MusicMonster.FM unterlag Sony Music vor Gericht

Das Oberlandesgericht (OLG) München entschied am 22. November 2018, dass der Streamripping-Dienst MusicMonster.FM rechtswidrig gehandelt haben soll. Die Plattenfirma Sony Music hatte die DEMEKON Entertainment AG sowohl auf Unterlassung, als auch auf Schadensersatz verklagt.

Gemäß dem Urteil ist es der Musik-Plattform MusicMonster.FM künftig untersagt, Lieder von Tim Bendzkos Album „Immer noch Mensch“ zu vervielfältigen. Da sich die Betreiber nicht auf die Privatkopieausnahme berufen können, werden sie nun verpflichtet, die Konvertierung der Sony-Titel zu unterlassen. Der Bundesverband Musikindustrie (BVMI) begrüßt die Entscheidung des OLG München.

Nutzer der Plattform MusicMonster.FM konnten bisher von Musikbeständen aus einer riesigen Datenbank eine Liste mit Wunschtiteln, inklusive ganzer Alben, zusammenstellen. Eine Software sucht dann rund 400 Internetradios danach ab, nimmt die Titel auf und stellt sie dem Kunden wunschgemäß zum Download bereit. Für die Nutzung des Programms verlangte MusicMonster.FM 7,90 Euro pro Monat – wobei die Anzahl der ausgewählten Lieder, gleich einer Flatrate, ohne jedes Limit waren.
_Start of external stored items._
Lemma hybrid_coord_lt m s i : (m <= length St_t * t)%nat -> In s St_t -> (i < length s)%nat ->
  (hybrid_coord m (word_index St_t s) i (nth i s 0%nat) < N * t + length St_t * t)%nat.
Proof.
  intros Hm Hs Hi. destruct (in_St_letters _ _ _ _ _ Hs) as [Hl Ha]. rewrite Hl in Hi.
  pose proof (Ha i Hi). destruct (word_index_spec _ _ Hs) as [Hj _].
  unfold hybrid_coord. destruct (Nat.ltb_spec (word_index St_t s * t + i) m).
  - pose proof (Nat.mul_le_mono_r _ _ t Hj). simpl in H1. lia.
  - pose proof (mul_succ_le_mul i N t Hi). rewrite Nat.mul_succ_r in H1. lia.
Qed.

Lemma lipschitz_n_hybrid m : (m <= length St_t * t)%nat ->
  lipschitz_n (N * t + length St_t * t) phi_lip_const (hybrid m).
Proof.
  intros Hm. apply lipschitz_n_phi_lin_form. intros s Hs i Hi. apply hybrid_coord_lt; auto.
Qed.

Lemma hybrid_coord_shared m j i a a0 k0 : (i < t)%nat -> (a < N)%nat -> (a0 < N)%nat ->
  (k0 < t)%nat ->
  hybrid_coord m j i a = (a0 + N * k0)%nat -> i = k0 /\ a = a0 /\ ~ (j * t + i < m)%nat.
Proof.
  intros Hi Ha Ha0 Hk0 E. unfold hybrid_coord in E. destruct (Nat.ltb_spec (j * t + i) m).
  - pose proof (mul_succ_le_mul k0 N t Hk0). rewrite Nat.mul_succ_r in H0. lia.
  - destruct (divmod_inj N i a k0 a0 Ha Ha0) as [E1 E2]; lia.
Qed.

Lemma hybrid_coord_neq_fresh m j i a : (i < t)%nat -> (a < N)%nat ->
  hybrid_coord m j i a <> (N * t + m)%nat.
Proof.
  intros Hi Ha. unfold hybrid_coord. destruct (Nat.ltb_spec (j * t + i) m). lia.
  pose proof (mul_succ_le_mul i N t Hi). rewrite Nat.mul_succ_r in H0. lia.
Qed.

Lemma hybrid_coordS_fresh m j i a : (i < t)%nat -> (a < N)%nat ->
  hybrid_coord (S m) j i a = (N * t + m)%nat -> (j * t + i = m)%nat.
Proof.
  intros Hi Ha. unfold hybrid_coord. destruct (Nat.ltb_spec (j * t + i) (S m)). lia.
  pose proof (mul_succ_le_mul i N t Hi). rewrite Nat.mul_succ_r in H0. lia.
Qed.

Lemma hybrid_coordS_same m j i a : (j * t + i <> m)%nat ->
  hybrid_coord (S m) j i a = hybrid_coord m j i a.
Proof.
  intros H. unfold hybrid_coord.
  destruct (Nat.ltb_spec (j * t + i) (S m)); destruct (Nat.ltb_spec (j * t + i) m); auto; lia.
Qed.

Lemma hybrid0 w : hybrid 0 w = phi_t (Xbar N beta w).
Proof.
  rewrite phi_Xbar. apply phi_ext_in. intros s Hs. apply lin_form_ext. intros i Hi.
  unfold hybrid_coord. destruct (Nat.ltb_spec (word_index St_t s * t + (0 + i)) 0); [lia|auto].
Qed.

Lemma hybrid_last w : hybrid (length St_t * t) w = phi_t (Zbar N pi P beta t (wshift (N * t) w)).
Proof.
  rewrite phi_Zbar. apply phi_ext_in. intros s Hs.
  destruct (in_St_letters _ _ _ _ _ Hs) as [Hl Ha]. destruct (word_index_spec _ _ Hs) as [Hj _].
  apply lin_form_ext. intros i Hi. unfold hybrid_coord, wshift.
  pose proof (Nat.mul_le_mono_r _ _ t Hj). simpl in H.
  destruct (Nat.ltb_spec (word_index St_t s * t + (0 + i)) (length St_t * t)); [auto|lia].
Qed.

Section HybridStep.

Variables (m j0 k0 : nat) (s0 : list nat).
Hypotheses (Hm : m = (j0 * t + k0)%nat) (Hk0 : (k0 < t)%nat)
           (Hs0 : In s0 St_t) (Hj0 : word_index St_t s0 = j0).

Local Notation letter := (nth k0 s0 0%nat).
Local Notation shared := (letter + N * k0)%nat.
Local Notation fresh := (N * t + m)%nat.

Lemma letters_s0_lt i : (i < t)%nat -> (nth i s0 0%nat < N)%nat.
Proof. apply (in_St_letters _ _ _ _ _ Hs0). Qed.

Lemma shared_lt_fresh : (shared < fresh)%nat.
Proof.
  pose proof (letters_s0_lt k0 Hk0). pose proof (mul_succ_le_mul k0 N t Hk0).
  rewrite Nat.mul_succ_r in H0. lia.
Qed.

Definition hybrid_rest (w : nat -> R) (s : list nat) : R :=
  lin_form beta (hybrid_coord m (word_index St_t s)) (wzero2 shared fresh w) 0 s.
Lemma in_ball_mul {G : Group} (S : list G) (m n : nat) (y z : G) :
  in_ball S m y -> in_ball S n z -> in_ball S (m + n) (gmul y z).
Proof.
  intros [u [Hu [Hlu ->]]] [v [Hv [Hlv ->]]].
  exists (u ++ v); repeat split.
  - now apply Forall_app.
  - rewrite length_app; lia.
  - now rewrite prodw_app.
Qed.

Lemma generates_in_ball {G : Group} (S : list G) (l : list G) :
  generates S -> exists r, forall y, In y l -> in_ball S r y.
Proof.
  intros Hgen; induction l as [|a l [r Hr]].
  - exists O; intros y [].
  - destruct (Hgen a) as [wa [Hwa Ha]].
    exists (Nat.max r (length wa)); intros y [<-|Hy].
    + exists wa; repeat split; auto; lia.
    + apply in_ball_le with r; [lia|auto].
Qed.

Lemma words_len_In {T : Type} (A : list T) (w : list T) :
  Forall (fun s => In s A) w -> In w (words_len A (length w)).
Proof.
  induction 1 as [|a w Ha Hw IH]; simpl; [now left|].
  apply in_flat_map; exists a; split; [exact Ha|now apply in_map].
Qed.

Lemma abs_le_Mh {G : Group} (S : list G) (h : G -> R) (n : nat) (y : G) :
  in_ball S n y -> Rabs (h y) <= Mh S h n.
Proof.
  intros [w [Hw [Hlen ->]]].
  apply (max_list_ge _ (fun w => Rabs (h (prodw w)))).
  apply in_flat_map; exists (length w); split.
  - apply in_seq; lia.
  - now apply words_len_In.
Qed.
Lemma word_dist_attained (S : list M) g k w : incl w S -> k ** h0 = g ** wprod w ** h0 ->
  exists w0, incl w0 S /\ k ** h0 = g ** wprod w0 ** h0 /\ (length w0 <= length w)%nat /\
    word_dist H S g k = Finite (INR (length w0)).
Proof.
  intros Hw E. unfold word_dist.
  destruct (@Glb_Rbar_nat_attained (fun r => exists w, incl w S /\ r = INR (length w) /\
              schutz_sigma H k (g ** wprod w)) (INR (length w)))
    as [m [[w0 [Hw0 [Ew0 Hs0]]] [Hle Eglb]]].
  - exists w. split; [exact Hw | split; [reflexivity | apply sigma_iff; exact E]].
  - intros r [w' [_ [-> _]]]. now exists (length w').
  - exists w0. rewrite <- Ew0. split; [exact Hw0 |].
    split; [exact (proj1 (sigma_iff _ _) Hs0) |].
    split; [apply INR_le; rewrite <- Ew0; exact Hle | exact Eglb].
Qed.

Lemma vdist_of_reach n x z : reach n x z ->
  exists m, (m <= n)%nat /\ vdist Rc A x z = Finite (INR m).
Proof.
  intros Hn. unfold vdist.
  destruct (@Glb_Rbar_nat_attained (fun r => exists n, r = INR n /\ reach n x z) (INR n))
    as [m [_ [Hle Eglb]]].
  - now exists n.
  - intros r [k [-> _]]. now exists k.
  - exists m. split; [apply INR_le, Hle | exact Eglb].
Qed.

Lemma gen_set_word (S : list M) g k : gen_set H S -> Stab H g -> Stab H k ->
  exists w, incl w S /\ k ** h0 = g ** wprod w ** h0.
Proof.
  intros [_ HS] Hg Hk. destruct (Stab_left_inverse Hg) as [d [Hd Ed]].
  destruct (HS (d ** k) (Stab_mul Hd Hk)) as [w [Hw Hdk]].
  destruct (proj2 Hg (k ** h0) (proj1 Hk h0 H_h0)) as [h [Hh Eh]].
  exists w. split; [exact Hw |].
  rewrite <- mulA, <- (proj1 (sigma_iff _ _) Hdk), <- mulA, <- Eh.
  now rewrite Ed by exact (H_Rc Hh).
Qed.

Definition orbit_map g : gpoint M := PV M (g ** h0).

Lemma orbit_map_compat x y : schutz_sigma H x y -> orbit_map x = orbit_map y.
Proof. intros Hxy. unfold orbit_map. f_equal. exact (proj1 (sigma_iff x y) Hxy). Qed.

Section OrbitMapBounds.
Variables (S : list M) (C D B : nat).
Hypothesis HS : gen_set H S.
Hypothesis HC : forall s, In s S -> exists n, (n <= C)%nat /\ reach n h0 (s ** h0).
Hypothesis HD : forall t, In t schreier_gens ->
  exists w, (length w <= D)%nat /\ incl w S /\ t ** h0 = wprod w ** h0.
Hypothesis HB : forall z, In z anchors -> Rc z ->
  (exists n, (n <= B)%nat /\ reach n h0 z) /\ (exists n, (n <= B)%nat /\ reach n z h0).

Let lam := INR (C + D) + 1.

Lemma orbit_map_distortion x y : Stab H x -> Stab H y ->
  Rbar_le (Rbar_minus (Rbar_mult (/ lam) (word_dist H S x y)) 1)
    (gdist Rc A (orbit_map x) (orbit_map y)) /\
  Rbar_le (gdist Rc A (orbit_map x) (orbit_map y))
    (Rbar_plus (Rbar_mult lam (word_dist H S x y)) 1).
Proof.
  intros Hx Hy.
  assert (Hlam : INR C + INR D + 1 = lam) by (unfold lam; now rewrite plus_INR).
  destruct (gen_set_word HS Hx Hy) as [w [Hw E]].
  destruct (word_dist_attained Hw E) as [w0 [Hw0 [E0 [_ Edist]]]].
  cbn [gdist orbit_map]. rewrite Edist. split.
  - apply Glb_Rbar_ge_lb. intros r [n [-> Rn]]. simpl.
    destruct (path_to_word Hx Hy Rn) as [w1 [Hw1 [Hlen1 E1]]].
    destruct (word_convert (fun s Hs => proj1 HS s Hs) HD Hw1) as [w2 [Hw2 [Hlen2 E2]]].
    rewrite <- mulA, E2, mulA in E1.
    destruct (word_dist_attained Hw2 E1) as [w3 [_ [_ [Hlen3 Edist3]]]].
    rewrite Edist in Edist3. injection Edist3 as Edist3. apply INR_eq in Edist3.
    assert (Hm : INR (length w0) <= INR D * (INR n + 1)).
    { rewrite <- S_INR, <- mult_INR. apply le_INR. lia. }
    pose proof (pos_INR C). pose proof (pos_INR D). pose proof (pos_INR n).
    apply Rmult_le_reg_l with lam; [lra |].
    rewrite Rmult_plus_distr_l, <- Rmult_assoc, Rinv_r, Rmult_1_l by lra. nra.
  - destruct (word_to_path (fun s Hs => proj1 HS s Hs) HC Hw0 Hx) as [n [Hn Rn]].
    rewrite <- E0 in Rn. destruct (vdist_of_reach Rn) as [m [Hm ->]]. simpl.
    assert (INR m <= INR C * INR (length w0)) by (rewrite <- mult_INR; apply le_INR; lia).
    pose proof (pos_INR D). pose proof (pos_INR (length w0)). nra.
Qed.

Lemma anchor_near_orbit g z : Stab H g -> In z anchors -> Rc z ->
  exists n1 n2, (n1 <= B)%nat /\ (n2 <= B)%nat /\
    vdist Rc A (g ** h0) (g ** z) = Finite (INR n1) /\
    vdist Rc A (g ** z) (g ** h0) = Finite (INR n2).
Proof.
  intros Hg Hz Rz. destruct (HB Hz Rz) as [[k1 [Hk1 R1]] [k2 [Hk2 R2]]].
  destruct (vdist_of_reach (reach_Stab Hg R1)) as [n1 [Hn1 E1]].
  destruct (vdist_of_reach (reach_Stab Hg R2)) as [n2 [Hn2 E2]].
  exists n1, n2. repeat split; [lia | lia | exact E1 | exact E2].
Qed.

Lemma orbit_map_coarsely_onto p : gvalid Rc A p -> exists g, Stab H g /\
  Rbar_le (gdist Rc A p (orbit_map g)) (INR B + 1) /\
  Rbar_le (gdist Rc A (orbit_map g) p) (INR B + 1).
Proof.
  destruct p as [x | x a mu]; cbn [gvalid gdist orbit_map].
  - intros Hx. destruct (transversal_decomp Hx) as [g [y [Hg [Hy [Ry ->]]]]].
    destruct (anchor_near_orbit Hg (transversal_anchor Hy) Ry) as [n1 [n2 [Hn1 [Hn2 [E1 E2]]]]].
    exists g. rewrite E1, E2. simpl.
    apply le_INR in Hn1, Hn2. split; [exact Hg | split; lra].
  - intros [Hx [Ha [Hxa Hmu]]].
    destruct (transversal_decomp Hx) as [g [y [Hg [Hy [Ry ->]]]]].
    assert (Rya : Rc (y ** a)) by exact (Rc_of_Stab_mul Hg Ry Hxa).
    destruct (anchor_near_orbit Hg (transversal_anchor Hy) Ry) as [n1 [_ [Hn1 [_ [E1 _]]]]].
    destruct (anchor_near_orbit Hg (step_anchor Hy Ha) Rya) as [_ [n2 [_ [Hn2 [_ E2]]]]].
    exists g. rewrite mulA in E2. rewrite E1, E2. simpl.
    apply le_INR in Hn1, Hn2. split; [exact Hg | split; lra].
Qed.

Lemma orbit_map_quasi_isometry_of_bounds :
  is_quasi_isometry (Stab H) (word_dist H S) (gvalid Rc A) (gdist Rc A) orbit_map.
Proof.
  split; [intros x Hx; exact (H_Rc (proj1 Hx h0 H_h0)) |].
  exists lam, 1, (INR B + 1).
  pose proof (pos_INR (C + D)). pose proof (pos_INR B).
  split; [unfold lam; lra | split; [lra | split; [lra | split]]].
  - exact orbit_map_distortion.
  - intros p Hp. destruct (orbit_map_coarsely_onto Hp) as [g [Hg Hle]].
    exists g. split; [exact Hg | exact Hle].
Qed.

End OrbitMapBounds.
Da eine Lizenz der Rechteinhaber hierbei nicht eingeholt wird, es sich weiterhin beim vorliegenden Streamripping um einen automatisierten Prozess handelt, bei dem der Dienst selbst die Kopiervorlagen auswählt, könne sich MusicMonster.FM nicht auf die Privatkopieausnahme des § 53 UrhG berufen. Somit würden hier insbesondere die Vervielfältigungsrechte verletzt. Diese Ansicht wurde nun vom OLG München geteilt und die Berufung der Beklagten zurückgewiesen. Die Betreibergesellschaft von MusicMonster.FM, die DEMEKON Entertainment AG, war bereits in erster Instanz vor dem Landgericht München I (Az: 7 O 9061/17) gescheitert. So erwägen die Anwälte nun, Revision beim Bundesgerichtshof einzulegen. Die aktuelle Entscheidung ist bislang noch nicht rechtskräftig.

BVMI begrüßt Entscheidung des OLG München

Dr. Florian Drücke, Vorstandsvorsitzende des BVMI, hält das Urteil für wegweisend, da gemäß einer aktuellen Studie der IFPI weltweit 38 Prozent der User beim Musikkonsum gegen geltendes Urheberrecht verstoßen. Das Streamripping ist hierbei die mit 32 Prozent angegebene häufigste Form der Rechtsverletzung und ist zudem in Deutschland in einigen Fällen laut BVMI immer noch in eine rechtliche Grauzone einzuordnen. Drücke meint: „Das ist eine sehr wichtige Entscheidung, die zu weiterer Klärung beiträgt. Noch immer versuchen Dienste als Freerider unter dem Deckmantel der Privatkopie Gewinne zu machen, ohne Lizenzen zu erwerben. Die Branche wird auch weiterhin konsequent gegen solch dreiste Geschäftsmodelle vorgehen, die den legalen Digitalmarkt unlauter beeinträchtigen, die Verbraucher in die Irre führen und die Rechte der Künstler und ihrer Partner missachten.“

Auch René Houareau, Geschäftsführer Recht & Politik beim BVMI, spricht sich für die Entscheidung aus: „Die jüngere Historie der Rechtsprechung zu digitalen Diensten zeigt, dass die Gerichte inzwischen sehr klar zwischen legetimen und illegitimen Geschäftsmodellen unterscheiden und rechts-übergriffige Dienste zu Gunsten der Rechteinhaber und End-Nutzer zunehmend in die Verantwortung nehmen.“

 

Beitragsbild von Mohammad Metri @ Unsplash.com, thx! (CC0 1.0)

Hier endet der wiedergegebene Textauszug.